CODEWITHSUNDEEP
pythonregex
784347
784347

Reputation: 83

Regex that matches punctuation at the word boundary including underscore

I am looking for a Python regex for a variable phrase with the following properties: (For the sake of example, let's assume the variable phrase here is taking the value and.
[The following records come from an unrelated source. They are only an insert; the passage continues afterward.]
(* Let $M=U(2)\oplus D_4\oplus D_4$, identified with $H^2(X,\mathbb Z)^+$, and let $K=U\oplus A_1^{\oplus8}\subset M$ be the index-2 sublattice generated by the fibre class $F$, the class $S_0$ and $F_1,\dots,F_8$. Then $O(q_M)\cong O(q_N)\cong S_8$, and every permutation of the eight classes $F_1,\dots,F_8$ (fixing $F$ and $S_0$) extends to an isometry of $M$; the group of isometries of $M$ so obtained is naturally isomorphic, via the natural map $O(M)\to O(q_M)$, to $O(q_M)$.
   Context: Lattice conventions: $U$ has Gram matrix $\begin{pmatrix}0&1\\1&0\end{pmatrix}$; $A_1,D_4$ are negative definite root lattices; $L(2)$ means the form multiplied by $2$. Setup: $X$ is the K3 surface (minimal resolution of the double cover of $\mathbb P^1\times\mathbb P^1$ branched along $C+L_0+L_1$, where $C:y_0^2\prod_{i=1}^4(x_0-\lambda_ix_1)+y_1^2\prod_{i=5}^8(x_0-\lambda_ix_1)=0$ for distinct $\lambda_i$, $L_j=\{y_j=0\}$) with the automorphism $\sigma$ of order 4 lifting $(x_0:x_1,y_0:y_1)\mapsto(x_0:x_1,y_0:-y_1)$, the elliptic fibration $\pi$ induced by projection to $(x_0:x_1)$ with fibre class $F$, singular fibres $E_i+F_i$ of type III and sections $S_0,S_1$ with $E_i\cdot S_0=F_i\cdot S_1=1$; $H^2(X,\mathbb Z)^+=\{x:(\sigma^2)^*x=x\}\cong M$, and $H^2(X,\mathbb Z)^+$ is generated by $K$ and $(F_1+\dots+F_8)/2$. $N=U\oplus U(2)\oplus D_4\oplus D_4$. For an even lattice $T$, $A_T=T^*/T$ and $q_T:A_T\to\mathbb Q/2\mathbb Z$, $q_T(x)=\langle x,x\rangle\bmod 2\mathbb Z$ is the discriminant quadratic form; $O(q_T)$ is its isometry group. *)

From HB Require Import structures.
From mathcomp Require Import all_boot all_order all_algebra all_fingroup.
Set Implicit Arguments. Unset Strict Implicit. Unset Printing Implicit Defensive.
Import Order.TTheory GRing.Theory Num.Theory.
Local Open Scope ring_scope.

Definition is_int (q : rat) : Prop := exists z : int, q = z%:~R.

Definition bform n (B : 'M[rat]_n) (x y : 'rV[rat]_n) : rat := (x *m B *m y^T) 0 0.

Definition zspan k n (P : 'M[rat]_(k, n)) (x : 'rV[rat]_n) : Prop :=
  exists c : 'I_k -> int, x = \sum_i (c i)%:~R *: row i P.

Definition dual n (B : 'M[rat]_n) (L : 'rV[rat]_n -> Prop) (x : 'rV[rat]_n) : Prop :=
  forall y, L y -> is_int (bform B x y).

Definition eq_mod2 (a b : rat) : Prop := is_int ((a - b) / 2).

(* A_L = L^*/L is modelled by L^* up to the equivalence x ~ y <-> x - y \in L. *)
Definition disc_isometry n (B : 'M[rat]_n) (L : 'rV[rat]_n -> Prop)
    (f : 'rV[rat]_n -> 'rV[rat]_n) : Prop :=
  (forall x, dual B L x -> dual B L (f x)) /\
  (forall x y, dual B L x -> dual B L y -> L (x - y) -> L (f x - f y)) /\
  (forall x y, dual B L x -> dual B L y -> L (f (x + y) - (f x + f y))) /\
  (forall x y, dual B L x -> dual B L y -> L (f x - f y) -> L (x - y)) /\
  (forall y, dual B L y -> exists2 x, dual B L x & L (f x - y)) /\
  (forall x, dual B L x -> eq_mod2 (bform B (f x) (f x)) (bform B x x)).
But note that I need to do this in a way that the thing playing the role of and can be passed in as a variable which I'll call phrase.)

Should match: this_and, this.and, (and), [and], and^, ;And, etc.

Should not match: land, andy

This is what I tried so far (where phrase is playing the role of and):

pattern = r"\b  " + re.escape(phrase.lower()) + r"\b"

This seems to work for all my requirements except that it does not match words with underscores e.g. \_hello, hello\_, hello_world.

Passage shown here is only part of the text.